EXERCISE
Count the lines below that contain the word "intf", and reply with that number alone.

AVAILABLE DATA
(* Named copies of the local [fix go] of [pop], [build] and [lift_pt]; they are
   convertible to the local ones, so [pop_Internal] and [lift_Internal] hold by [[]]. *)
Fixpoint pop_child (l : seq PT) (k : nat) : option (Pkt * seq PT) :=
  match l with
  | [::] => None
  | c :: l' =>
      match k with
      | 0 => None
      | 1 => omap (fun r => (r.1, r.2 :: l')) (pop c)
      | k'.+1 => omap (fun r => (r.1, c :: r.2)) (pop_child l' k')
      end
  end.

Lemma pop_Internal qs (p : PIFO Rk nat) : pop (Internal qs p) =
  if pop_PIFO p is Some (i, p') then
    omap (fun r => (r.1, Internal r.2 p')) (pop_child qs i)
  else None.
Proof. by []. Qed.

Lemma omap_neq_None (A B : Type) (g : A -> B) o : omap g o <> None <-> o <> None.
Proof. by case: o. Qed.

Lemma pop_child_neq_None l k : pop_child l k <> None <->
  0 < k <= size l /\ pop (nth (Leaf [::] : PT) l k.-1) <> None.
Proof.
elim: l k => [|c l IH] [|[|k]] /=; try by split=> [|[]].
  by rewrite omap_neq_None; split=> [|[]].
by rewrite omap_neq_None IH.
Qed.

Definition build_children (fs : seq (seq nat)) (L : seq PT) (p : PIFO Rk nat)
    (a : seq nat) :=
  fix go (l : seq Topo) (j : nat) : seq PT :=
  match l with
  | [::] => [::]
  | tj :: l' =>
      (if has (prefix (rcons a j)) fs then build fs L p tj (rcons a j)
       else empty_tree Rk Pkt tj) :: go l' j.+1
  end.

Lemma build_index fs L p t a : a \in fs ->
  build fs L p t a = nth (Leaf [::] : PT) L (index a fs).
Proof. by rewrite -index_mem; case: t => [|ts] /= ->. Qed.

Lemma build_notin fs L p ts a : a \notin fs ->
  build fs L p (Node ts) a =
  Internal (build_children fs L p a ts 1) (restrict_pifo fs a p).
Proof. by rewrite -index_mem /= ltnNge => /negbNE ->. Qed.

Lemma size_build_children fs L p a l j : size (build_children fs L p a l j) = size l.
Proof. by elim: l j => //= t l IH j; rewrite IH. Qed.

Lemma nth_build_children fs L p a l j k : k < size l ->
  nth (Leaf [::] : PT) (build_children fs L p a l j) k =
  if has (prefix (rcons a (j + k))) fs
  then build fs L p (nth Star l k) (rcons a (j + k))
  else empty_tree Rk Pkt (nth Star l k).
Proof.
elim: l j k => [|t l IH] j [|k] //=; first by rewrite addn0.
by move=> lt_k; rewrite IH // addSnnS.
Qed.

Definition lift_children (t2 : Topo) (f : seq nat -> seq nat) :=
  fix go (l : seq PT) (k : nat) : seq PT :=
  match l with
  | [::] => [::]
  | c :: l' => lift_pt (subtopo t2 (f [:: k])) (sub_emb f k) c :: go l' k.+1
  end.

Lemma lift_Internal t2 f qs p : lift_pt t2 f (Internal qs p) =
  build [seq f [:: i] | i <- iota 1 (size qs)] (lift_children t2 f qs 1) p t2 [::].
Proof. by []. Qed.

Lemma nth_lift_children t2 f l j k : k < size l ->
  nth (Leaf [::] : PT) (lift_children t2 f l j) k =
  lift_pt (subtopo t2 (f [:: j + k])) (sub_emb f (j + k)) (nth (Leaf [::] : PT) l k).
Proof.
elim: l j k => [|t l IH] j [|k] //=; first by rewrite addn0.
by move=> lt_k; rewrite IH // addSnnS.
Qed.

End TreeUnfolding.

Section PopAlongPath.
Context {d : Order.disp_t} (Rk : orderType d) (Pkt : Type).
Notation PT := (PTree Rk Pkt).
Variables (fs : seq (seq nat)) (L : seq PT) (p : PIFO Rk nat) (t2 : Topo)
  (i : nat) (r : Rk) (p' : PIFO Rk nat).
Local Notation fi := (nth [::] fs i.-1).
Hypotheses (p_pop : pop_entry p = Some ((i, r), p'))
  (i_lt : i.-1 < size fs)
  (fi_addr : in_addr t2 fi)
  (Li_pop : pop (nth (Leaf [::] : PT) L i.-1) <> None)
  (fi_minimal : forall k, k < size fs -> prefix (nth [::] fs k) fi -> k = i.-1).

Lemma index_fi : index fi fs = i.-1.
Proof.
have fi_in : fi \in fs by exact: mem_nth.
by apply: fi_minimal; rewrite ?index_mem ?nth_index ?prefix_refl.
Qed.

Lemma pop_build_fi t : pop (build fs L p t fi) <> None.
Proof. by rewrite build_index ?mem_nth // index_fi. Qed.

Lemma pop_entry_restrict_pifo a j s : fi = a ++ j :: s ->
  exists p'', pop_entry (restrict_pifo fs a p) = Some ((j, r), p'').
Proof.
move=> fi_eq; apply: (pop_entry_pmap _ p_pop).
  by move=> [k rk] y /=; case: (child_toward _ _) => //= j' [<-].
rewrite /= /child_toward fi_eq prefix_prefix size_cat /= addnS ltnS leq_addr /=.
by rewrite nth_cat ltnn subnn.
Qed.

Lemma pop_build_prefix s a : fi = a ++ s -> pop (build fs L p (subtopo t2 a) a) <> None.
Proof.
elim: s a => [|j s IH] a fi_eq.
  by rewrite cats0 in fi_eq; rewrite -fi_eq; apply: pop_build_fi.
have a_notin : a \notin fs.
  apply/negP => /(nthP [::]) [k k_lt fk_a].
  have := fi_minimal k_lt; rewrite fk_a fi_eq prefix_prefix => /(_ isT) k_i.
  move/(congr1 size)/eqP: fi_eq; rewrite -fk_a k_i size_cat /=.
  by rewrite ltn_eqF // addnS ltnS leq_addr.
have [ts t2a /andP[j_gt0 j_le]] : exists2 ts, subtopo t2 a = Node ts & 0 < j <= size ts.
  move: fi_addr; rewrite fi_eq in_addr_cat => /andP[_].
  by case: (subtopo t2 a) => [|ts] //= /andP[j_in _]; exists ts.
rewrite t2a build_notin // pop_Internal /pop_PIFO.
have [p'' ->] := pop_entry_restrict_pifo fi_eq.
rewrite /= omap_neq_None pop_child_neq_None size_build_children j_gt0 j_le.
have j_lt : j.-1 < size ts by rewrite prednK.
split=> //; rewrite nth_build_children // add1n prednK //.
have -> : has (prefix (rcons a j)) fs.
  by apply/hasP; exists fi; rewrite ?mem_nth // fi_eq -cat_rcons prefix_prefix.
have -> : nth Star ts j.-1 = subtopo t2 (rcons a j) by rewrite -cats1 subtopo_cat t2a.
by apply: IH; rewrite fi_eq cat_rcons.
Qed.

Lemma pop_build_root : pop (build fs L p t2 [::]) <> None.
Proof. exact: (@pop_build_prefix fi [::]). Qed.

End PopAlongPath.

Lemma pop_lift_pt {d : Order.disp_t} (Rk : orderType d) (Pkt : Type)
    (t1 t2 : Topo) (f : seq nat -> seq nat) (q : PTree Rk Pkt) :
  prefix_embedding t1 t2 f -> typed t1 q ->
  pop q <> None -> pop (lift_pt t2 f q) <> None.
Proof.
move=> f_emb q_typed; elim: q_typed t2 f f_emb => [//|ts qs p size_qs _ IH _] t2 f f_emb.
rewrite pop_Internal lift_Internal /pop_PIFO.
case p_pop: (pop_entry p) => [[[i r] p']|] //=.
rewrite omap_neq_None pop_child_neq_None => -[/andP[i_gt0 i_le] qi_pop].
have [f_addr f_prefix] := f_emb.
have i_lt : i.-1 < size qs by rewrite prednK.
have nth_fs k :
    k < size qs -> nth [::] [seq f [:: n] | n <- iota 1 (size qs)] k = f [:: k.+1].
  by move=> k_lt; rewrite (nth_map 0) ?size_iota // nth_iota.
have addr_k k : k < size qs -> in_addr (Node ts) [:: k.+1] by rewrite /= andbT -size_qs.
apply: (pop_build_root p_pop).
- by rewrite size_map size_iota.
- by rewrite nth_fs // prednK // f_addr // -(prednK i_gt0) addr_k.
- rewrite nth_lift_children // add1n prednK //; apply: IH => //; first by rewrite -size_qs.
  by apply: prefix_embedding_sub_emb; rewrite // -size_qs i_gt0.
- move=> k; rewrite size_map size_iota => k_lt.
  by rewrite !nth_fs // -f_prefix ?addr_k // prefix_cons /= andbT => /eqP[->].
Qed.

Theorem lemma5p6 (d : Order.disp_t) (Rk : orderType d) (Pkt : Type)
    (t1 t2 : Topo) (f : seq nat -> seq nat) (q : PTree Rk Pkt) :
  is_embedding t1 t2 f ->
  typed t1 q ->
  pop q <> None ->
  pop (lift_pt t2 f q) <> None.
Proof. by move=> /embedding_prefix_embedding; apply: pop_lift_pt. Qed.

...

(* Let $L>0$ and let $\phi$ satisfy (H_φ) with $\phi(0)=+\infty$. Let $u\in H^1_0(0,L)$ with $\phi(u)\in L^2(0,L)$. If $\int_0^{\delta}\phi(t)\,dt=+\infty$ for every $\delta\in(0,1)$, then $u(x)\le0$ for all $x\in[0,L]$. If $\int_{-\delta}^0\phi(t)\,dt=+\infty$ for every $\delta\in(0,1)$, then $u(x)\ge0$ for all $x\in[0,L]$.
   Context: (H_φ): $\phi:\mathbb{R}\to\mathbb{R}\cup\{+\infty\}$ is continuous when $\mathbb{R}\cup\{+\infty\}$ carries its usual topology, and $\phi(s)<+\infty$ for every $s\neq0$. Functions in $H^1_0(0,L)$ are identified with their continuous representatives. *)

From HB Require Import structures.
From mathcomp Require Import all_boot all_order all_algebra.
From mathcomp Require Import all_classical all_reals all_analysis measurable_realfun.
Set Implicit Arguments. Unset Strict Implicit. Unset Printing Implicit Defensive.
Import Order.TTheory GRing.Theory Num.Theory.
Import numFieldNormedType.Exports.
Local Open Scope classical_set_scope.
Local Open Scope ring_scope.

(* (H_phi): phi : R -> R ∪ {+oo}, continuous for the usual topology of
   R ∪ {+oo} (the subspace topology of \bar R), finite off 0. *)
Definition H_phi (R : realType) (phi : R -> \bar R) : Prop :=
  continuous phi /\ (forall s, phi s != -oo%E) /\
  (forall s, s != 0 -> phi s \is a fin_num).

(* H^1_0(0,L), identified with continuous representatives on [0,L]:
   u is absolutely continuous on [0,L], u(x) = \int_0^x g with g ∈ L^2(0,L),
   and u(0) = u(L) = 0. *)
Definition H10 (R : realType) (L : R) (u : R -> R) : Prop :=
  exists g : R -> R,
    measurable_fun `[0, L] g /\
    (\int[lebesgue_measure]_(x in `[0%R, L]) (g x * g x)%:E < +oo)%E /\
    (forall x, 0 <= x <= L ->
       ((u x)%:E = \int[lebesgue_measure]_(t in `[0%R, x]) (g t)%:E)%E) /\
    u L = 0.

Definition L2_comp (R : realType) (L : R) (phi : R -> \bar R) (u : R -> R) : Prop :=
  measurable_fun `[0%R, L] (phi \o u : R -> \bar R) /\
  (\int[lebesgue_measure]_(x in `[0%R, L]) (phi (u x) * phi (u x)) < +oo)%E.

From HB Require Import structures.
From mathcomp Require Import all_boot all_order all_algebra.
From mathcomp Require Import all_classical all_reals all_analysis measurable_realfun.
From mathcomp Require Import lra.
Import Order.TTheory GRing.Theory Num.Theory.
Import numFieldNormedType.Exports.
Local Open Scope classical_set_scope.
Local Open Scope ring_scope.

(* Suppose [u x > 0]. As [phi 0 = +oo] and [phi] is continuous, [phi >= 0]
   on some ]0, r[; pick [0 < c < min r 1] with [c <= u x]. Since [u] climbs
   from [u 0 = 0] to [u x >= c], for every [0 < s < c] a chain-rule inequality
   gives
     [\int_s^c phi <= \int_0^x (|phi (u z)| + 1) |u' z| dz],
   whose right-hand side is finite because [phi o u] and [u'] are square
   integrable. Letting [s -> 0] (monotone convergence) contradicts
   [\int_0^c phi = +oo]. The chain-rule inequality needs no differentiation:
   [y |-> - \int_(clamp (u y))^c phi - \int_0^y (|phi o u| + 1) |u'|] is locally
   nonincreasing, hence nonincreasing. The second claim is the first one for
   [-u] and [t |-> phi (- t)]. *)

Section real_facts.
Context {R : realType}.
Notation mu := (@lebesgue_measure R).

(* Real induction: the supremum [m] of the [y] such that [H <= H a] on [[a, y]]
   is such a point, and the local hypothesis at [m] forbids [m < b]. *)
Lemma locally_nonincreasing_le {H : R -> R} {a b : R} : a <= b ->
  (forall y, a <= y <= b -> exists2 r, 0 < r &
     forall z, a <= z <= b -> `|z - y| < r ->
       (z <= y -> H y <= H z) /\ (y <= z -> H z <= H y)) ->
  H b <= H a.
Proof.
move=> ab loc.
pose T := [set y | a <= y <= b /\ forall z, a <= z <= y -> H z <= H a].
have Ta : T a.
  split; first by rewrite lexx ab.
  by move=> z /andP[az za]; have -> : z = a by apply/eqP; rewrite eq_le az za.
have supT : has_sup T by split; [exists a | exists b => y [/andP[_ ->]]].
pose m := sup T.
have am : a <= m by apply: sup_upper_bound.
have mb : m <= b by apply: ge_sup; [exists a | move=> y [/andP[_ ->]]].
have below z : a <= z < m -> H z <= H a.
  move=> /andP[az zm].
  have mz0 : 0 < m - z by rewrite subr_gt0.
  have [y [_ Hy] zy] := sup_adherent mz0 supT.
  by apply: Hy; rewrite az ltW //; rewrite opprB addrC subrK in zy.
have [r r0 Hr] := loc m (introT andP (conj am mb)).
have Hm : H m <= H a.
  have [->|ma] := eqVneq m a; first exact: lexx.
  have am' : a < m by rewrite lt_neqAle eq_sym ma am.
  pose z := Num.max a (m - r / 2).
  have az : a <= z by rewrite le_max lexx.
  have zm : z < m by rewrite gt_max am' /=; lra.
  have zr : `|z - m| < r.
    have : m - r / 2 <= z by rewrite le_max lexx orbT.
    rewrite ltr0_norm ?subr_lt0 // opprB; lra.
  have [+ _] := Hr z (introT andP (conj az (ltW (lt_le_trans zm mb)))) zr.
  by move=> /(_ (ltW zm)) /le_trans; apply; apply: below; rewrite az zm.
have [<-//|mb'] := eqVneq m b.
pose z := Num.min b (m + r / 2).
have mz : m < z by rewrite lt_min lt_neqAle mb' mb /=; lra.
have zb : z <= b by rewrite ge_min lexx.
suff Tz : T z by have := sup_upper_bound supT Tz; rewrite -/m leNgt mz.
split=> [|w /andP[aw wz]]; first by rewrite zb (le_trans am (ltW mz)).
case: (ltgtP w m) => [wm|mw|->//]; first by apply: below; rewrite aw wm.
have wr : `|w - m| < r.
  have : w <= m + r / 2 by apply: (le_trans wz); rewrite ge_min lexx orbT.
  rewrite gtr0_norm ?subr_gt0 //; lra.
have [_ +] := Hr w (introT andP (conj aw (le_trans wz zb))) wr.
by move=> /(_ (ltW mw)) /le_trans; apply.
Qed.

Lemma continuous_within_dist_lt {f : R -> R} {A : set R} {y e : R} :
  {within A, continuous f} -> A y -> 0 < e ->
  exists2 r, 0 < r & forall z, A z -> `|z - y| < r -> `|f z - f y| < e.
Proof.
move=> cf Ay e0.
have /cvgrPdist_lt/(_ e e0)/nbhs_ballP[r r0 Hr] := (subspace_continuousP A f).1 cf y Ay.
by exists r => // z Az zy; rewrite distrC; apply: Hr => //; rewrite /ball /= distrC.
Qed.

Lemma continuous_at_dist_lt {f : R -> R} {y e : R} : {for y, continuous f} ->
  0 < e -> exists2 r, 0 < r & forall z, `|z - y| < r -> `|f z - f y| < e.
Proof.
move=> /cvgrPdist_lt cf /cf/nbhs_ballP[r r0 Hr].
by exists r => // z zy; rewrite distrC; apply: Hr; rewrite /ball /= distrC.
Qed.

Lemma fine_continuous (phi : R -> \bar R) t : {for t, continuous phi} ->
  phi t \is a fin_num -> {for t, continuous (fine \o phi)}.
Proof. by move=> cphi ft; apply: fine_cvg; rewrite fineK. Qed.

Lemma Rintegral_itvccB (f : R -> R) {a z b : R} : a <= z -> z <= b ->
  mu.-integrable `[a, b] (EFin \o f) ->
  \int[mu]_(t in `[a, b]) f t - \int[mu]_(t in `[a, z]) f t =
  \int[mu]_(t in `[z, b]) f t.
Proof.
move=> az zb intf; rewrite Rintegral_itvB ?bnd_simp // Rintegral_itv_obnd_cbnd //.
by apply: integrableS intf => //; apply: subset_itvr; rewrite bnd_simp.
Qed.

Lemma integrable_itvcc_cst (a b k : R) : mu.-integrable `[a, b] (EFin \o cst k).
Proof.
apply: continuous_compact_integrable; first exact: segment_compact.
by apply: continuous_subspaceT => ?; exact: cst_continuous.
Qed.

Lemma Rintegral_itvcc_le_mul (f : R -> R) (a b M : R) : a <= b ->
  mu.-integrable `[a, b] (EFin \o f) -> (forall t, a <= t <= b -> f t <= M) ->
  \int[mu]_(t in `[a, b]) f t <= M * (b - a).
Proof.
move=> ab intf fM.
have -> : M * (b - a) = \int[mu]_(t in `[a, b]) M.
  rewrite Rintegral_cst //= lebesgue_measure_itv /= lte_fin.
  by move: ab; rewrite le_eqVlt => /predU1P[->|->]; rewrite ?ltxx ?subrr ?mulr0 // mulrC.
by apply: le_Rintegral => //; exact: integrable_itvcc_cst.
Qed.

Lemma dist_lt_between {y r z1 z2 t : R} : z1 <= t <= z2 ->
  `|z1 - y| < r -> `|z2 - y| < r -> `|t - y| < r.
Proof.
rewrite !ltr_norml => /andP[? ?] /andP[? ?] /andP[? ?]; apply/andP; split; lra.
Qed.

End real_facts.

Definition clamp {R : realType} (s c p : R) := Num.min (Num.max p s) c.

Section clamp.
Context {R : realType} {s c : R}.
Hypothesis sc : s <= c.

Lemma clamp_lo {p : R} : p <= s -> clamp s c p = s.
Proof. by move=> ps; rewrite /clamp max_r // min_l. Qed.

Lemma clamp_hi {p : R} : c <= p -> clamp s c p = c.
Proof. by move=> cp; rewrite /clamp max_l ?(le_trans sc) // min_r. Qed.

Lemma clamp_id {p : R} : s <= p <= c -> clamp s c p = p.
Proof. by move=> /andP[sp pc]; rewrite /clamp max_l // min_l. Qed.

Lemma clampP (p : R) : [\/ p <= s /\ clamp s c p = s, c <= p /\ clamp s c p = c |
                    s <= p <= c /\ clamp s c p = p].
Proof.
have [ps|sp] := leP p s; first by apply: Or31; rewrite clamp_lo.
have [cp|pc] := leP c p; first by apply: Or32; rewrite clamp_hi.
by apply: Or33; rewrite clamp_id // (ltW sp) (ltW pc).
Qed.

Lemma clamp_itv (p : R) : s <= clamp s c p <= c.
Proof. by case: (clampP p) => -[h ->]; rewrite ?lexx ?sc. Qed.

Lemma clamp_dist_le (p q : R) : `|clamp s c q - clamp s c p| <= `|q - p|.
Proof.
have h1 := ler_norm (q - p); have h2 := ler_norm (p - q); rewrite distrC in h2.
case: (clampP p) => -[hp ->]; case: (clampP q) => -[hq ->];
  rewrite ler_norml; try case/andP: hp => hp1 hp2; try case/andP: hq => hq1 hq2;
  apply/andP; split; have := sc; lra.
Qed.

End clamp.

RESPONSE TO THE EXERCISE
3